But what reminded me of Salinger’s timeless stories and
nouvellas was the relationship between David and his sister
Rose. Like Zooey trying to talk Fanny out of her nervous
breakdown, David lives in anticipation of Rose’s next step
toward madness. When Rose takes to phoning David before
daybreak every night, I fully expected him to say to her,
as one of the Glass children once did, “Keep me up till
three in the morning because all your stars are out and for
no other reason.”
Bailey’s omniscient narrator turns on a dime. He writes
very convincingly from the point of view of all his
characters, bringing us close in on Catrina collapsed into
sobs against the steering wheel of her Buick Electra in a
mall parking lot, or Jayne in exhilaration standing upon
the back seat of her boy friend’s motorcycle at a biker’s
rally. But while he handles the women—both as girls and
adults—more than credibly, it’s apparent that his primary
empathy lies with young David.
David is a very Baudrillardian hero, literally connected to
reality only through its image.
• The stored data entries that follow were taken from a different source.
(* For every integer $n>3$ there exists a latin square of order $n$ containing a cell that is not contained in any transversal of the square.
   Context: A latin square of order $n$ is an $n\times n$ array of $n$ symbols in which each symbol occurs exactly once in each row and column. A transversal is a set of $n$ cells, one from each row and one from each column, no two containing the same symbol. *)

From mathcomp Require Import all_boot all_fingroup.
Set Implicit Arguments. Unset Strict Implicit. Unset Printing Implicit Defensive.

(* A square array of order n with symbols in 'I_n: L i j is the symbol in row i, column j. *)
Definition latin_square (n : nat) (L : 'I_n -> 'I_n -> 'I_n) : Prop :=
  (forall i, injective (L i)) /\ (forall j, injective (fun i => L i j)).

(* A transversal: n cells, one per row and one per column, i.e. the cells
   (i, s i) for a permutation s of the columns, with pairwise distinct symbols. *)
Definition latin_transversal (n : nat) (L : 'I_n -> 'I_n -> 'I_n) (s : {perm 'I_n}) : Prop :=
  injective (fun i => L i (s i)).

Definition cell_in_transversal (n : nat) (s : {perm 'I_n}) (r c : 'I_n) : Prop :=
  s r = c.

From mathcomp Require Import all_boot all_fingroup zify.
Set Implicit Arguments. Unset Strict Implicit. Unset Printing Implicit Defensive.

(* All squares used here are "shifted" squares
     L i j = (shift i j + j) mod n,
   whose columns are latin as soon as each column of [shift] is injective.
   If s is a transversal of such a square, both j |-> L i (s i) and s are
   bijections of 'I_n, so summing gives  sum_i shift i (s i) = 0 (mod n).
   - For even n the cyclic square (shift i j = i) has no transversal at all,
     since sum_(i < n) i = n(n-1)/2 is not divisible by n.
   - For odd n > 3 we use a patched cyclic square that permutes the shifts of
     rows 0, 1 and 2 column by column, with shift 1 1 = 2.  A transversal
     through the cell (1, 1) would force the shifts of rows 0 and 2 to add up
     to 1 (the congruence above, with all other rows unchanged), so one of
     them is 1; in both cases this clashes with the cell (1, 1) itself. *)

Lemma sum_ord_inj n (f : 'I_n -> 'I_n) :
  injective f -> \sum_(i < n) (f i : nat) = \sum_(i < n) (i : nat).
Proof. by move=> f_inj; rewrite [RHS](reindex_inj f_inj). Qed.

Lemma dvdn_sum_ord n : 0 < n -> (n %| \sum_(i < n) (i : nat)) = odd n.
Proof.
move=> n_gt0; rewrite -(big_mkord xpredT (fun i => i)) bin2_sum.
case: (boolP (odd n)) => [n_odd | n_even]; first by rewrite bin2odd // dvdn_mulr.
have [m def_n] : exists m, n = 2 * m by exists n./2; rewrite mul2n even_halfK.
have m_gt0 : 0 < m by lia.
apply/negbTE/negP; rewrite bin2 -divn2 def_n -mulnA mulKn // => /dvdnP[k].
rewrite [k * _]mulnC -mulnA mulnCA => /eqP; rewrite eqn_pmul2l // => /eqP; lia.
Qed.

Lemma sum_split_seq (I : finType) (r : seq I) (F : I -> nat) : uniq r ->
  \sum_i F i = \sum_(i <- r) F i + \sum_(i | i \notin r) F i.
Proof. by move=> r_uniq; rewrite (bigID (mem r)) big_uniq. Qed.

Lemma eq_mod_lt_double n x y : x < n + n -> y < n + n -> x = y %[mod n] ->
  [\/ x = y, x = y + n | y = x + n].
Proof.
move=> x_lt y_lt; case: (ltnP x n) => x_n; case: (ltnP y n) => y_n.
- by rewrite !modn_small // => ->; apply: Or31.
- rewrite (modn_small x_n) -(subnK y_n) modnDr modn_small; last by lia.
  by move=> x_eq; apply: Or33; lia.
- rewrite (modn_small y_n) -(subnK x_n) modnDr modn_small; last by lia.
  by move=> y_eq; apply: Or32; lia.
- rewrite -(subnK x_n) -(subnK y_n) !modnDr !modn_small; try lia.
  by move=> xy_eq; apply: Or31; lia.
Qed.

Section ShiftedSquare.

Variables (n : nat) (n_gt0 : 0 < n) (shift : 'I_n -> 'I_n -> nat).

Definition shifted_square (i j : 'I_n) : 'I_n :=
  Ordinal (ltn_pmod (shift i j + j) n_gt0).

Lemma shifted_squareE i j : shifted_square i j = (shift i j + j) %% n :> nat.
Proof. by []. Qed.

Lemma shifted_square_col_inj :
  (forall i j, shift i j < n) -> (forall j, injective (shift^~ j)) ->
  forall j, injective (fun i => shifted_square i j).
Proof.
move=> shift_lt shift_inj j i1 i2 /(congr1 val) /eqP /=.
by rewrite eqn_modDr !modn_small // => /eqP /shift_inj.
Qed.

Lemma shifted_transversal_sum (s : {perm 'I_n}) :
  latin_transversal shifted_square s -> \sum_i shift i (s i) = 0 %[mod n].
Proof.
move=> s_transv.
have sum_entries : \sum_i (shift i (s i) + s i) %% n = \sum_(i < n) (i : nat)
  := sum_ord_inj s_transv.
have sum_cols := sum_ord_inj (@perm_inj _ s).
apply/eqP; rewrite -(eqn_modDr (\sum_(i < n) (i : nat))) add0n.
by rewrite -[X in _ + X]sum_cols -big_split -modn_summ sum_entries.
Qed.

End ShiftedSquare.

Section CyclicSquare.

Variables (n : nat) (n_gt0 : 0 < n).

Definition cyclic_square : 'I_n -> 'I_n -> 'I_n :=
  shifted_square n_gt0 (fun i _ => i).

Lemma cyclic_square_latin : latin_square cyclic_square.
Proof.
split; last by apply: shifted_square_col_inj => // j i1 i2 /val_inj.
move=> i j1 j2 /(congr1 val) /eqP /=.
by rewrite eqn_modDl !modn_small // => /eqP /val_inj.
Qed.

Lemma cyclic_square_no_transversal (s : {perm 'I_n}) :
  ~~ odd n -> ~ latin_transversal cyclic_square s.
Proof.
move=> n_even /shifted_transversal_sum /eqP; rewrite mod0n -/(dvdn _ _).
by rewrite dvdn_sum_ord // (negbTE n_even).
Qed.

End CyclicSquare.

(* The shifts of rows 0, 1, 2 of the patched square; every other row i keeps
   the cyclic shift i.  Column by column they permute {0, 1, 2}:
       column j :   0  1  2  odd j >= 3  even j >= 4
       row 0    :   0  1  2      0           2
       row 1    :   1  2  0      1           1
       row 2    :   2  0  1      2           0                               *)
Definition patch (i j : nat) : nat :=
  match i, j with
  | 0, 0 => 0 | 0, 1 => 1 | 0, 2 => 2 | 0, _ => if odd j then 0 else 2
  | 1, 1 => 2 | 1, 2 => 0 | 1, _ => 1
  | 2, 0 => 2 | 2, 1 => 0 | 2, 2 => 1 | 2, _ => if odd j then 2 else 0
  | _, _ => i
  end.

Lemma patch_id i j : 2 < i -> patch i j = i.
Proof. by case: i => [|[|[|i]]]. Qed.

Lemma patch_le2 i j : i < 3 -> patch i j <= 2.
Proof. by case: i => [|[|[|i]]] // _; case: j => [|[|[|j]]] //=; case: odd. Qed.

Lemma patch_row0_eq1 j : patch 0 j = 1 -> j = 1.
Proof. by case: j => [|[|[|j]]] //=; case: odd. Qed.

Lemma patch_row2_eq1 j : patch 2 j = 1 -> j = 2.
Proof. by case: j => [|[|[|j]]] //=; case: odd. Qed.

Lemma patch_inj j : injective (patch^~ j).
Proof.
move=> i1 i2; case: (ltnP i1 3) => i1_lt; case: (ltnP i2 3) => i2_lt.
- move: i1_lt i2_lt; case: i1 => [|[|[|i1]]] // _; case: i2 => [|[|[|i2]]] // _;
  by case: j => [|[|[|j]]] //=; case: odd.
- by rewrite (patch_id j i2_lt) => eq_i; have := patch_le2 j i1_lt; lia.
- by rewrite (patch_id j i1_lt) => eq_i; have := patch_le2 j i2_lt; lia.
- by rewrite !patch_id.
Qed.

(* Row values stay
   below n + 2, so a coincidence modulo n is an equality or a wrap-around by
   n; writing n, j1, j2 as (parity + twice their half) excludes all cases. *)
Lemma patch_row_inj n i j1 j2 : odd n -> 3 < n -> j1 < n -> j2 < n ->
  patch i j1 + j1 = patch i j2 + j2 %[mod n] -> j1 = j2.
Proof.
move=> n_odd n_gt3 j1_lt j2_lt.
case: (ltnP i 3) => i_lt; last first.
  by rewrite !patch_id // => /eqP; rewrite eqn_modDl !modn_small // => /eqP.
have := patch_le2 j1 i_lt; have := patch_le2 j2 i_lt.
move=> le2 le1 /eq_mod_lt_double; move/(_ ltac:(lia) ltac:(lia)) => {le1 le2}.
have parity k : k = odd k + 2 * k./2 by rewrite mul2n odd_double_half.
have := parity n; have := parity j1; have := parity j2; rewrite n_odd.
case: i i_lt => [|[|[|//]]] _;
case: j1 j1_lt => [|[|[|j1]]] j1_lt; case: j2 j2_lt => [|[|[|j2]]] j2_lt //=.
all: try case: (odd j1); try case: (odd j2); rewrite /=.
all: by move=> ? ? ? []; lia.
Qed.

Section PatchedSquare.

Variables (n : nat) (n_gt0 : 0 < n).

Definition patched_square : 'I_n -> 'I_n -> 'I_n :=
  shifted_square n_gt0 patch.

Hypotheses (n_odd : odd n) (n_gt3 : 3 < n).

Lemma patched_square_latin : latin_square patched_square.
Proof.
split; last first.
  apply: shifted_square_col_inj => [i j | j i1 i2 /patch_inj /val_inj //].
  by case: (ltnP i 3) => [/(patch_le2 j) | /(patch_id j) ->]; first lia.
move=> i j1 j2 /(congr1 val) /eqP /=; rewrite -/(_ == _ %[mod n]) => /eqP.
by move/(patch_row_inj n_odd n_gt3 (ltn_ord j1) (ltn_ord j2))/val_inj.
Qed.

(* In a transversal through the cell (1, 1) the shifts met in rows 0 and 2
   add up to 1: by [shifted_transversal_sum] the shifts met add up to
   0 + 1 + ... + (n - 1) modulo n, every other row contributes its cyclic
   shift, and the three patched shifts are at most 2 while n >= 5. *)
Lemma patched_transversal_rows02 (s : {perm 'I_n}) (r0 r1 r2 : 'I_n) :
  r0 = 0 :> nat -> r1 = 1 :> nat -> r2 = 2 :> nat ->
  latin_transversal patched_square s -> s r1 = r1 ->
  patch r0 (s r0) + patch r2 (s r2) = 1.
Proof.
move=> r0_0 r1_1 r2_2 s_transv s_r1.
have rows_uniq : uniq [:: r0; r1; r2].
  by rewrite /= !in_cons !in_nil -!val_eqE /= r0_0 r1_1 r2_2.
have sum_patch := shifted_transversal_sum s_transv.
have sum_rows : \sum_(i < n) (i : nat) = 0 %[mod n].
  by apply/eqP; rewrite mod0n -/(dvdn _ _) dvdn_sum_ord.
rewrite (sum_split_seq _ rows_uniq) in sum_patch.
rewrite (sum_split_seq _ rows_uniq) in sum_rows.
rewrite [X in _ + X](eq_bigr val) in sum_patch; last first.
  move=> i; rewrite !in_cons in_nil -!val_eqE /= r0_0 r1_1 r2_2.
  move=> /norP[i_n0 /norP[i_n1 /norP[i_n2 _]]].
  by apply: patch_id; lia.
have patch_r1 : patch r1 (s r1) = 2 by rewrite s_r1 r1_1.
rewrite !big_cons !big_nil patch_r1 in sum_patch sum_rows.
rewrite r0_0 r1_1 r2_2 in sum_rows.
have a_le2 : patch r0 (s r0) <= 2 by apply: patch_le2; rewrite r0_0.
have c_le2 : patch r2 (s r2) <= 2 by apply: patch_le2; rewrite r2_2.
set a := patch r0 (s r0) in sum_patch a_le2 *.
set c := patch r2 (s r2) in sum_patch c_le2 *.
set rest := \sum_(i | _) _ in sum_patch sum_rows.
have : a + c + (2 + rest) = 1 + (2 + rest) %[mod n].
  have -> : a + c + (2 + rest) = a + (2 + (c + 0)) + rest by lia.
  by rewrite sum_patch -sum_rows add0n addn0 -addnA.
by move/eqP; rewrite eqn_modDr !modn_small; [move/eqP | lia..].
Qed.

Lemma patched_square_avoids_11 (s : {perm 'I_n}) (r : 'I_n) :
  r = 1 :> nat -> latin_transversal patched_square s -> s r <> r.
Proof.
move=> r1 s_transv s_rr.
have n_gt2 : 2 < n by lia.
pose r0 := Ordinal n_gt0; pose r2 := Ordinal n_gt2.
have rows02 :=
  patched_transversal_rows02 (r0 := r0) (r2 := r2) erefl r1 erefl s_transv s_rr.
have [a1 | c1] : patch r0 (s r0) = 1 \/ patch r2 (s r2) = 1 by lia.
- (* Shift 1 in row 0 only occurs in column 1, already used by row 1. *)
  have col_r0 : s r0 = s r.
    by apply: ord_inj; rewrite s_rr r1; apply: patch_row0_eq1.
  by move/perm_inj/(congr1 val): col_r0; rewrite /= r1.
- (* Shift 1 in row 2 only occurs in column 2, where the entry 3 repeats the
     entry of the cell (1, 1). *)
  have same_entry : patched_square r2 (s r2) = patched_square r (s r).
    apply: ord_inj; rewrite !shifted_squareE c1 (patch_row2_eq1 c1).
    by rewrite s_rr r1.
  by move/s_transv/(congr1 val): same_entry; rewrite /= r1.
Qed.

End PatchedSquare.

Theorem theorem1p4 (n : nat) (hn : 3 < n) :
  exists L : 'I_n -> 'I_n -> 'I_n,
    latin_square L /\
    exists r c : 'I_n,
      forall s : {perm 'I_n}, latin_transversal L s -> ~ cell_in_transversal s r c.
Proof.
have n_gt0 : 0 < n by lia.
have n_gt1 : 1 < n by lia.
pose one := Ordinal n_gt1.
case: (boolP (odd n)) => [n_odd | n_even].
- exists (patched_square n_gt0); split; first exact: patched_square_latin.
  by exists one, one => s /(patched_square_avoids_11 n_odd hn (r := one)); apply.
- exists (cyclic_square n_gt0); split; first exact: cyclic_square_latin.
  by exists one, one => s /(cyclic_square_no_transversal n_even).
Qed.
From his Kodak Brownie
Bulls-Eye to the sophisticated 35mm Canon that winds up
being smashed against a window grate, his lens is both his
eyes and his soul:
“He found the camera added a certain richness to seeing the
world: the split image in the range finder, the focus, the
blown-up enlargements. With a camera he could see things
that didn’t appear to him in any other way. And, of course,
it helped him remember. The pictures remembered the truth,
the exact way life happened without the soft filters of
nostalgia and hope blurring the hard edges of reality. The
facts of Rose’s punctured hand and Brad’s dead body
stretched on the basement floor.”
Of course David discovers that even the objective “truth”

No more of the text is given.